(Dataset entries)
BEGIN
(* Let $g_1,\dots,g_N\in\mathbb{C}^K$ be nonzero vectors and $w_1,\dots,w_N\ge0$. Define for $\mathcal{S}\subseteq\mathcal{N}=\{1,\dots,N\}$ $$\mathrm{WFP}(\mathcal{S})=\sum_{i,j\in\mathcal{S}}w_iw_j\frac{|\langle g_i,g_j\rangle|^2}{\|g_i\|_2^2\|g_j\|_2^2},\qquad \mathrm{WFC}(\mathcal{T})=\mathrm{WFP}(\mathcal{N})-\mathrm{WFP}(\mathcal{N}\setminus\mathcal{T}).$$ Then $\mathrm{WFC}$ is normalized ($\mathrm{WFC}(\varnothing)=0$), monotone non-decreasing ($\mathcal{S}_1\subseteq\mathcal{S}_2\Rightarrow\mathrm{WFC}(\mathcal{S}_1)\le\mathrm{WFC}(\mathcal{S}_2)$), and submodular ($\mathrm{WFC}(\mathcal{S}_2\cup\{j\})-\mathrm{WFC}(\mathcal{S}_2)\le\mathrm{WFC}(\mathcal{S}_1\cup\{j\})-\mathrm{WFC}(\mathcal{S}_1)$ for all $\mathcal{S}_1\subseteq\mathcal{S}_2\subseteq\mathcal{N}$ and $j\in\mathcal{N}\setminus\mathcal{S}_2$).
   Context: In the paper $g_i=\nabla_{\mathbf{x}}y_i$ is the gradient of the $i$-th measurement with respect to the unknown parameter vector (the $i$-th row of the measurement matrix in the linear case), and $w_i=\phi(\sigma_i)\in[0,1]$ is a weight depending on the noise level of sensor $i$. $\langle\cdot,\cdot\rangle$ is the standard inner product on $\mathbb{C}^K$. *)

From HB Require Import structures.
From mathcomp Require Import all_boot all_order all_algebra.
From mathcomp Require Import complex.
Set Implicit Arguments. Unset Strict Implicit. Unset Printing Implicit Defensive.
Import Order.TTheory GRing.Theory Num.Theory.
Local Open Scope ring_scope.

(* Vectors in C^K are modelled as functions 'I_K -> R[i], for R a real closed
   field (R[i] is then algebraically closed; R = reals gives C). *)

Section WFC.
Variables (R : rcfType) (K N : nat).

Definition cconj (z : R[i]) : R[i] := @Complex R (complex.Re z) (- complex.Im z).

Definition cinner (u v : 'I_K -> R[i]) : R[i] := \sum_(k < K) u k * cconj (v k).

Definition cnorm2 (u : 'I_K -> R[i]) : R := \sum_(k < K) Normc.normc (u k) ^+ 2.

Variables (g : 'I_N -> 'I_K -> R[i]) (w : 'I_N -> R).

Definition WFP (S : {set 'I_N}) : R :=
  \sum_(i in S) \sum_(j in S)
     w i * w j * (Normc.normc (cinner (g i) (g j)) ^+ 2 / (cnorm2 (g i) * cnorm2 (g j))).

Definition WFC (T : {set 'I_N}) : R := WFP [set: 'I_N] - WFP (~: T).
End WFC.

From HB Require Import structures.
From mathcomp Require Import all_boot all_order all_algebra.
From mathcomp Require Import complex.
From mathcomp Require Import ring.
Set Implicit Arguments. Unset Strict Implicit.
Import Order.TTheory GRing.Theory Num.Theory.
Local Open Scope ring_scope.

(* WFP(S) is a "pair sum" \sum_{i,j in S} a i j of a kernel a
   that is entrywise nonnegative (weights, squared moduli and squared norms are
   all >= 0).  Hence:
   - the pair sum is monotone in S, so WFC(T) = P(N) - P(~T) is normalized and
     monotone (T grows iff ~T shrinks);
   - removing one index j from a set A lowers the pair sum by the j-th "cross"
     term \sum_{i in A} a j i + \sum_{i in A\j} a i j, so the marginal gain
     WFC(S u {j}) - WFC(S) equals this cross term over A = ~S;
   - the cross term is monotone in A, and S1 <= S2 gives ~S2 <= ~S1, which is
     exactly submodularity. *)

Section PairSum.
Variables (R : numDomainType) (T : finType).

Lemma sum_subset_le (F : T -> R) (A B : {set T}) :
  (forall i, 0 <= F i) -> A \subset B -> \sum_(i in A) F i <= \sum_(i in B) F i.
Proof.
move=> F_ge0 AB; rewrite [leRHS](big_setID A) /= (setIidPr AB) lerDl.
exact: sumr_ge0.
Qed.

Variable a : T -> T -> R.
Hypothesis a_ge0 : forall i k, 0 <= a i k.

Definition pairsum (A : {set T}) : R := \sum_(i in A) \sum_(k in A) a i k.

(* Contribution of j to the pair sum over A: the pairs (j, i) with i in A and
   the pairs (i, j) with i in A \ j (the diagonal pair is counted once). *)
Definition cross (A : {set T}) (j : T) : R :=
  \sum_(i in A) a j i + \sum_(i in A :\ j) a i j.

Lemma pairsum_subset_le (A B : {set T}) : A \subset B -> pairsum A <= pairsum B.
Proof.
move=> AB; apply: (@le_trans _ _ (\sum_(i in A) \sum_(k in B) a i k)).
  by apply: ler_sum => i _; apply: sum_subset_le.
by apply: sum_subset_le => // i; apply: sumr_ge0.
Qed.

Lemma cross_subset_le (A B : {set T}) j : A \subset B -> cross A j <= cross B j.
Proof.
move=> AB; apply: lerD; apply: sum_subset_le => //.
exact: setSD.
Qed.

Lemma pairsum_setD1 (A : {set T}) j : j \in A ->
  pairsum A = pairsum (A :\ j) + cross A j.
Proof.
move=> jA; rewrite /pairsum /cross (big_setD1 j jA) /=.
rewrite [X in _ + X = _](eq_bigr (fun i => a i j + \sum_(k in A :\ j) a i k)).
  by rewrite big_split /=; ring.
by move=> i _; rewrite (big_setD1 j jA).
Qed.

Definition coverage (S : {set T}) : R := pairsum setT - pairsum (~: S).

Lemma coverage0 : coverage set0 = 0.
Proof. by rewrite /coverage setC0 subrr. Qed.

Lemma coverage_mono (S1 S2 : {set T}) : S1 \subset S2 -> coverage S1 <= coverage S2.
Proof. by move=> S12; rewrite lerB // pairsum_subset_le // setCS. Qed.

Lemma coverage_gain (S : {set T}) j : j \notin S ->
  coverage (j |: S) - coverage S = cross (~: S) j.
Proof.
move=> jS; rewrite /coverage (@pairsum_setD1 (~: S) j) ?inE //.
have -> : ~: (j |: S) = ~: S :\ j by rewrite setCU setDE setIC.
ring.
Qed.

Lemma coverage_submod (S1 S2 : {set T}) j : S1 \subset S2 -> j \notin S2 ->
  coverage (j |: S2) - coverage S2 <= coverage (j |: S1) - coverage S1.
Proof.
move=> S12 jS2; have jS1 : j \notin S1 by apply: contra jS2; apply: (subsetP S12).
by rewrite !coverage_gain // cross_subset_le // setCS.
Qed.

End PairSum.

Section WFPKernel.
Variables (R : rcfType) (K N : nat) (g : 'I_N -> 'I_K -> R[i]) (w : 'I_N -> R).

Definition wfp_kernel (i j : 'I_N) : R :=
  w i * w j * (Normc.normc (cinner (g i) (g j)) ^+ 2 / (cnorm2 (g i) * cnorm2 (g j))).

Lemma cnorm2_ge0 (u : 'I_K -> R[i]) : 0 <= cnorm2 u.
Proof. by apply: sumr_ge0 => k _; apply: sqr_ge0. Qed.

Lemma wfp_kernel_ge0 : (forall i, 0 <= w i) -> forall i j, 0 <= wfp_kernel i j.
Proof.
move=> w_ge0 i j; apply: mulr_ge0; first exact: mulr_ge0.
by apply: divr_ge0; [apply: sqr_ge0 | apply: mulr_ge0; apply: cnorm2_ge0].
Qed.

Lemma WFC_coverage (S : {set 'I_N}) : WFC g w S = coverage wfp_kernel S.
Proof. by rewrite /WFC /coverage /pairsum /WFP /wfp_kernel. Qed.

End WFPKernel.

Theorem mainTheorem6 (R : rcfType) (K N : nat)
  (g : 'I_N -> 'I_K -> R[i]) (w : 'I_N -> R)
  (hg : forall i, g i <> (fun _ => 0))
  (hw : forall i, 0 <= w i) :
  [/\ WFC g w set0 = 0,
      (forall S1 S2 : {set 'I_N}, S1 \subset S2 -> WFC g w S1 <= WFC g w S2)
    & (forall (S1 S2 : {set 'I_N}) (j : 'I_N), S1 \subset S2 -> j \notin S2 ->
         WFC g w (j |: S2) - WFC g w S2 <= WFC g w (j |: S1) - WFC g w S1)].
Proof.
have a_ge0 := wfp_kernel_ge0 g hw.
split.
- by rewrite WFC_coverage coverage0.
- by move=> S1 S2 S12; rewrite !WFC_coverage coverage_mono.
- by move=> S1 S2 j S12 jS2; rewrite !WFC_coverage coverage_submod.
Qed.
END
(Try it)
Above are the records. Print exactly, and only, the lines from the line with "Definition WFC (T" to the line with "Section PairSum.", both inclusive.

(Answer box)
Definition WFC (T : {set 'I_N}) : R := WFP [set: 'I_N] - WFP (~: T).
End WFC.

From HB Require Import structures.
From mathcomp Require Import all_boot all_order all_algebra.
From mathcomp Require Import complex.
From mathcomp Require Import ring.
Set Implicit Arguments. Unset Strict Implicit.
Import Order.TTheory GRing.Theory Num.Theory.
Local Open Scope ring_scope.

(* WFP(S) is a "pair sum" \sum_{i,j in S} a i j of a kernel a
   that is entrywise nonnegative (weights, squared moduli and squared norms are
   all >= 0).  Hence:
   - the pair sum is monotone in S, so WFC(T) = P(N) - P(~T) is normalized and
     monotone (T grows iff ~T shrinks);
   - removing one index j from a set A lowers the pair sum by the j-th "cross"
     term \sum_{i in A} a j i + \sum_{i in A\j} a i j, so the marginal gain
     WFC(S u {j}) - WFC(S) equals this cross term over A = ~S;
   - the cross term is monotone in A, and S1 <= S2 gives ~S2 <= ~S1, which is
     exactly submodularity. *)

Section PairSum.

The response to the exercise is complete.